:: INFORMATION GIVEN
Lemma measure_prefix_event m (Q : pred (seq V)) :
  P [set f : play v0 | Q (mkseq f m)] =
  (\sum_(p <- all_seqs V m | Q p) prefix_prob G s1 s2 v0 p)%:E.
Proof.
rewrite -(measure_prefix_event_seq m) ?all_seqs_uniq //; last first.
  by apply/allP => p; rewrite mem_all_seqs.
by congr (P _); apply/seteqP; split => f /=; rewrite mem_all_seqs size_mkseq eqxx.
Qed.

Lemma play_changes_event (r : V -> R) K N :
  let A := [set f : play v0 | (K <= play_changes r f N)%N] in
  measurable A /\
  P A = (path_expect G s1 s2 [::] v0 N (fun q => (K <= class_changes r v0 q)%:R))%:E.
Proof.
pose Q p := if p is x :: q then (K <= class_changes r x q)%N else false.
have -> : [set f : play v0 | (K <= play_changes r f N)%N] = [set f | Q (mkseq f N.+1)].
  by apply/seteqP; split => f; rewrite /= play_changesE.
split; first exact: (prefix_event_measurable v0 N.+1 Q).
by rewrite /= (measure_prefix_event N.+1 Q) prefix_prob_sum.
Qed.

End PlayMeasure.

Theorem proposition4 (R : realType) (V : finType) (G : stoch_game R V)
  (HG : wf_game G) (r : V -> R) (Hr : bellman G r)
  (i : bool) (s1 s2 : strategy V)
  (Hs1 : valid_strategy G Player1 s1) (Hs2 : valid_strategy G Player2 s2)
  (Hcls : if i then class_preserving G r Player1 s1
                else class_preserving G r Player2 s2)
  (v0 : V) (P : probability (play v0) R)
  (HP : induced_measure G s1 s2 v0 P) :
  measurable (eventually_trapped v0 r) /\ P (eventually_trapped v0 r) = 1%:E.
Proof.
set T := eventually_trapped v0 r.
have T_meas : measurable T := eventually_trapped_measurable v0 r.
split => //; suff notT0 : P (~` T) = 0%E.
  by rewrite -[T]setCK probability_setC ?notT0 ?sube0 //; exact: measurableC.
have [c away] := class_preserving_moves_away Hr Hs1 Hs2 Hcls.
have [g g_gt0 gap] := exists_sqr_gap r.
pose Y v := (r v - c) ^+ 2.
have drift := sqr_potential_drift G s1 s2 HG Hr away gap.
apply: (@ereal_le_div_natr_eq0 _ _ ((\big[Order.max/0]_v Y v) / g)) => [|K K_gt0].
  exact: measure_ge0.
apply: (@measure_le_nondecreasing_cover _ _ _ P _
  (fun N => [set f : play v0 | (K <= play_changes r f N)%N])).
- exact: measurableC.
- by move=> N; have [] := play_changes_event HP r K N.
- move=> N M NM; apply/subsetPset => f /= Kf.
  by apply: leq_trans Kf _; apply: play_changes_nondecreasing.
- move=> f notTf; have [N KN] : exists N, (K <= play_changes r f N)%N.
    by apply: play_changes_unbounded => trapped; apply: notTf; apply/eventually_trappedP.
  by exists N.
- move=> N /=; have [_ ->] := play_changes_event HP r K N.
  rewrite lee_fin ler_pdivlMr ?ltr0n // mulrC.
  apply: (@class_changes_tail_bound _ _ G s1 s2 HG r Y g drift g_gt0) => v.
    exact: sqr_ge0.
  exact: le_bigmax.
Qed.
::::
→ **ASSIGNMENT**
Each record must be restated word for word, including the last line.

→ **ANSWER SPACE**
Lemma measure_prefix_event m (Q : pred (seq V)) :
  P [set f : play v0 | Q (mkseq f m)] =
  (\sum_(p <- all_seqs V m | Q p) prefix_prob G s1 s2 v0 p)%:E.
Proof.
rewrite -(measure_prefix_event_seq m) ?all_seqs_uniq //; last first.
  by apply/allP => p; rewrite mem_all_seqs.
by congr (P _); apply/seteqP; split => f /=; rewrite mem_all_seqs size_mkseq eqxx.
Qed.

Lemma play_changes_event (r : V -> R) K N :
  let A := [set f : play v0 | (K <= play_changes r f N)%N] in
  measurable A /\
  P A = (path_expect G s1 s2 [::] v0 N (fun q => (K <= class_changes r v0 q)%:R))%:E.
Proof.
pose Q p := if p is x :: q then (K <= class_changes r x q)%N else false.
have -> : [set f : play v0 | (K <= play_changes r f N)%N] = [set f | Q (mkseq f N.+1)].
  by apply/seteqP; split => f; rewrite /= play_changesE.
split; first exact: (prefix_event_measurable v0 N.+1 Q).
by rewrite /= (measure_prefix_event N.+1 Q) prefix_prob_sum.
Qed.

End PlayMeasure.

Theorem proposition4 (R : realType) (V : finType) (G : stoch_game R V)
  (HG : wf_game G) (r : V -> R) (Hr : bellman G r)
  (i : bool) (s1 s2 : strategy V)
  (Hs1 : valid_strategy G Player1 s1) (Hs2 : valid_strategy G Player2 s2)
  (Hcls : if i then class_preserving G r Player1 s1
                else class_preserving G r Player2 s2)
  (v0 : V) (P : probability (play v0) R)
  (HP : induced_measure G s1 s2 v0 P) :
  measurable (eventually_trapped v0 r) /\ P (eventually_trapped v0 r) = 1%:E.
Proof.
set T := eventually_trapped v0 r.
have T_meas : measurable T := eventually_trapped_measurable v0 r.
split => //; suff notT0 : P (~` T) = 0%E.
  by rewrite -[T]setCK probability_setC ?notT0 ?sube0 //; exact: measurableC.
have [c away] := class_preserving_moves_away Hr Hs1 Hs2 Hcls.
have [g g_gt0 gap] := exists_sqr_gap r.
pose Y v := (r v - c) ^+ 2.
have drift := sqr_potential_drift G s1 s2 HG Hr away gap.
apply: (@ereal_le_div_natr_eq0 _ _ ((\big[Order.max/0]_v Y v) / g)) => [|K K_gt0].
  exact: measure_ge0.
apply: (@measure_le_nondecreasing_cover _ _ _ P _
  (fun N => [set f : play v0 | (K <= play_changes r f N)%N])).
- exact: measurableC.
- by move=> N; have [] := play_changes_event HP r K N.
- move=> N M NM; apply/subsetPset => f /= Kf.
  by apply: leq_trans Kf _; apply: play_changes_nondecreasing.
- move=> f notTf; have [N KN] : exists N, (K <= play_changes r f N)%N.
    by apply: play_changes_unbounded => trapped; apply: notTf; apply/eventually_trappedP.
  by exists N.
- move=> N /=; have [_ ->] := play_changes_event HP r K N.
  rewrite lee_fin ler_pdivlMr ?ltr0n // mulrC.
  apply: (@class_changes_tail_bound _ _ G s1 s2 HG r Y g drift g_gt0) => v.
    exact: sqr_ge0.
  exact: le_bigmax.
Qed.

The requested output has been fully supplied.